Anyone interest in going to CC in the next few weeks?


----------



## LittleMiamiJeff (Oct 1, 2005)

Waiting on Shimano Baitrunner Spinning combo, might be up to Muskie with that!
Lot's going on next few weeks, but keep me in the loop, have friend/client that just picked up 13 OK Prowler that would be interested in breaking it in on CC!
LMJeff


----------



## creekwalker (May 23, 2004)

No official date has been set yet. Feedback has been a little sporadic  I will plan on setting the date by the end of the month since the nice weather will probably start prompting some more action on the forums.

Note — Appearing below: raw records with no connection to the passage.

(* g is bounded above on the box where only the first m coordinates may
   move by at most r; by induction on m, halving along each new coordinate. *)
Lemma bounded_on_partial_box x0 m r : 0 < r -> exists M, forall y,
  (forall i : 'I_p, (i < m)%N -> Rabs (y i - x0 i) <= r) ->
  (forall i : 'I_p, (m <= i)%N -> y i = x0 i) -> g y <= M.
Proof.
elim: m r => [|m IH] r r0.
  exists (g x0) => y _ fixed.
  have -> : y = x0 by apply: functional_extensionality => i; apply: fixed.
  exact: Rle_refl.
case: (ltnP m p) => [mp | pm]; last first.
  have [M HM] := IH r r0; exists M => y near fixed; apply: HM.
  - by move=> i im; apply: near; apply: ltnW.
  - by move=> i mi; have := ltn_ord i; lia.
set j := Ordinal mp.
have [M1 HM1] := IH (2 * r) ltac:(lra).
set M2 := Rmax (Rmax (g (upd x0 j (x0 j + 2 * r))) (g (upd x0 j (x0 j - 2 * r))))
  (g x0).
exists (/2 * M2 + /2 * M1) => y near fixed.
(* y is the midpoint of a point on the j-th coordinate line and a point of
   the m-coordinate box of radius 2r. *)
set z : vec p := fun i => if (i < m)%N then x0 i + 2 * (y i - x0 i) else x0 i.
set y2 := upd x0 j (x0 j + 2 * (y j - x0 j)).
have Hy2 : g y2 <= M2.
  apply: line_bound; first lra.
  by have := near j (ltnSn m); rewrite Rabs_mult (Rabs_right 2); lra.
have Hz : g z <= M1.
  apply: HM1 => i im; rewrite /z.
  - rewrite im; have := near i (ltnW im).
    have -> : x0 i + 2 * (y i - x0 i) - x0 i = 2 * (y i - x0 i) by ring.
    by rewrite Rabs_mult (Rabs_right 2); lra.
  - by have -> : (i < m)%N = false by apply/negbTE; rewrite -leqNgt.
have : g y <= /2 * g y2 + (1 - /2) * g z.
  apply: convex_comb; first lra.
  move=> i; rewrite /y2 /z /upd; case: eqP => [->|ij].
    by rewrite /= ltnn; field.
  case: ltnP => im; first field.
  have mi : (m.+1 <= i)%N.
    by rewrite ltn_neqAle im andbT; apply/eqP => E; apply: ij; apply: val_inj.
  by rewrite (fixed i mi); field.
lra.
Qed.

Lemma bounded_on_box x0 r : 0 < r -> exists M, forall y, in_box x0 r y -> g y <= M.
Proof.
move=> r0; have [M HM] := bounded_on_partial_box x0 p r0.
exists M => y near; apply: HM => [i _|i pi]; first exact: near.
by have := ltn_ord i; lia.
Qed.

Lemma convex_modulus x0 r : 0 < r -> exists K, 0 <= K /\ modulus g x0 r K.
Proof.
move=> r0; have [M HM] := bounded_on_box x0 (ltac:(lra) : 0 < r + 1).
have gx0 : g x0 <= M by apply: HM => i; rewrite Rminus_diag Rabs_R0; lra.
exists (2 * (M - g x0)); split; first lra.
move=> x y t t01 xr yt.
(* y = t z + (1 - t) x with z in the box of radius r + 1 around x0 *)
set z : vec p := fun i => x i + (y i - x i) / t.
have gz : g z <= M.
  apply: HM => i; rewrite /z.
  have -> : x i + (y i - x i) / t - x0 i = (x i - x0 i) + (y i - x i) * / t
    by field; lra.
  apply: Rle_trans (Rabs_triang _ _) _.
  rewrite Rabs_mult (Rabs_right (/ t)); last by apply/Rle_ge/Rlt_le/Rinv_0_lt_compat; lra.
  have : Rabs (y i - x i) * / t <= 1.
    apply: (Rmult_le_reg_r t); first lra.
    by rewrite Rmult_assoc Rinv_l; [have := yt i; lra | lra].
  by have := xr i; lra.
have gy : g y <= t * g z + (1 - t) * g x.
  by apply: convex_comb => [|i]; [lra | rewrite /z; field; lra].
(* and g x0 <= (g x + g(2 x0 - x)) / 2 bounds g x from below *)
have gmid : g x0 <= /2 * g x + (1 - /2) * g (fun i => 2 * x0 i - x i).
  by apply: convex_comb => [|i]; [lra | field].
have grefl : g (fun i => 2 * x0 i - x i) <= M.
  apply: HM => i; have -> : 2 * x0 i - x i - x0 i = - (x i - x0 i) by ring.
  by rewrite Rabs_Ropp; have := xr i; lra.
nra.
Qed.

Lemma convex_lsc x0 eps : 0 < eps -> exists del, 0 < del /\
  forall y, in_box x0 del y -> g x0 - eps <= g y.
Proof.
move=> eps0; have [K [K0 HK]] := convex_modulus x0 (ltac:(lra) : 0 < 1).
set del := Rmin 1 (eps / (K + 1)).
have del1 : del <= 1 by apply: Rmin_l.
have del0 : 0 < del by apply: Rmin_pos; [lra | apply: Rdiv_lt_0_compat; lra].
have delK : del * K <= eps.
  have : del * (K + 1) <= eps.
    apply: (Rmult_le_reg_r (/ (K + 1))); first by apply: Rinv_0_lt_compat; lra.
    rewrite Rmult_assoc Rinv_r; last lra.
    by rewrite Rmult_1_r; apply: Rmin_r.
  nra.
exists del; split => // y near.
have x0r : in_box x0 1 x0 by move=> i; rewrite Rminus_diag Rabs_R0; lra.
(* the reflected point 2 x0 - y is also del-close to x0 *)
have mid : g x0 <= /2 * g y + (1 - /2) * g (fun i => 2 * x0 i - y i).
  by apply: convex_comb => [|i]; [lra | field].
have : g (fun i => 2 * x0 i - y i) <= g x0 + del * K.
  apply: HK => // i.
  by rewrite (_ : 2 * x0 i - y i - x0 i = - (y i - x0 i)); [rewrite Rabs_Ropp | ring].
lra.
Qed.

Lemma linearization_error_shift x0 r K b s x z t :
  modulus g x0 r K -> subgrad g b s -> 0 < t <= 1 ->
  in_box x0 r b -> in_box x0 r z -> in_box z t x ->
  g x - dot s (vsub x b) <= g z - dot s (vsub z b) + 2 * (t * K).
Proof.
move=> HK sub t01 br zr xz.
have gx : g x <= g z + t * K by apply: HK.
have gb : g (vadd b (vsub z x)) <= g b + t * K.
  apply: HK => // i; rewrite /vadd /vsub.
  have -> : b i + (z i - x i) - b i = - (x i - z i) by ring.
  by rewrite Rabs_Ropp; exact: xz.
have := sub (vadd b (vsub z x)).
have -> : dot s (vsub (vadd b (vsub z x)) b) = dot s (vsub z b) - dot s (vsub x b)
  by vec_ring.
lra.
Qed.

End ConvexFunctions.

Definition strictly_increasing (phi : nat -> nat) := forall n, (phi n < phi n.+1)%N.

Lemma strictly_increasing_ge phi : strictly_increasing phi -> forall n, (n <= phi n)%N.
Proof. by move=> phi_incr; elim=> [|n IH] //; have := phi_incr n; lia. Qed.

Lemma strictly_increasing_lt phi : strictly_increasing phi ->
  forall a b, (a < b)%N -> (phi a < phi b)%N.
Proof.
move=> phi_incr a; elim=> [|b IH] ab; first lia.
case: (ltnP a b) => [lt_ab | le_ba]; first by have := IH lt_ab; have := phi_incr b; lia.
by have -> : a = b by lia.
Qed.

Definition vec_lim p (u : nat -> vec p) (l : vec p) := forall eps, 0 < eps ->
  exists N, forall n, (N <= n)%N -> forall i, Rabs (u n i - l i) < eps.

Right now, based on the feedback thus far, it is looking like the 3rd weekend in May (20th) will be the date. Any thoughts on that date from those who have expressed interest already?


CW


----------



## LittleMiamiJeff (Oct 1, 2005)

Terry,
I'll keep it open, one of two that works for me.
LMJeff


----------



## creekwalker (May 23, 2004)

Well, looks like weekend of May 20th is it.

I am thinking to get everyone there between noon and 1:00p. We can setup camp before leaving for the first day's float between 1:00p and 2:00p. Once everyone gets there, we'll probably load the boats up in a couple of trucks for the drop off (I have a truck that will probably fit 3 yaks or a yak and a canoe). We'll float right to the camp site. The float is about 3 hours normally, so if we get in the water by 2:30p that should give us enough fish/float time.

I don't have any plans for food/drinks, so I am up for suggestions. By default we'll fend for ourselves unless someone has a better idea  I guess it depends on how many people are going too.

We'll be camping near Lafferty Road off of Spurgeon Hill Rd (which is not far from West Union) in case anyone wants to do any scouting or mapping of the area. As for the launch spot, I am tentatively planning the first day to put in off of SR 41 near Fawcette road but I am planning on scouting the area again a weekend or two before the 20th. An alternate launch spot with easier access would be Lawshe road off of SR 41 a little further north. The second day we'll just launch from the campground and take out at SR 125 and SR 348 intersection.


Let me know if you are interested now that we have a date set.


CW


----------



## LittleMiamiJeff (Oct 1, 2005)

Terry, I'll be there, let me know what you need help with, I'll let you know what I can handle. I can cook/grill, so willing to do that if we do group grill out Sat. night, or Breakfast Sun AM.

LMJeff


----------



## LittleMiamiJeff (Oct 1, 2005)

Hey Terry, OGF yakkers, canoe'ists, pontooners, float tubers.
The May 20/21 float fish is coming on strong!
Don't mean to hijack this post Terry, just wanted to get another post in here to refresh it.
Check earlier posts for specifics, contact Terry aka Creekwalker here at OGF for details.
Gonna be a good time.
God Bless,
Jeff


----------



## creekwalker (May 23, 2004)

LMJ and I are going to scout the trip out this coming Saturday (5/6) afternoon/evening if anyone is interested. Shoot me a PM if you are interested. 

And yeah, any OGF yakkers, canoe'ists, pontooners, float tubers...it's a few weeks away and there's only a couple people going thus far. Even if you're wading, you're welcome to come. The area right by the camp site is defintely wading territory. I've also got a canoe that I'll bring if anyone wants to go but doesn't have a boat for the trip.


LMJ or I will post the scouting results when we get back.


CW


----------



## LittleMiamiJeff (Oct 1, 2005)

I can bring my canoe w/yak also, w/paddles, will need pfd.
LMJeff


----------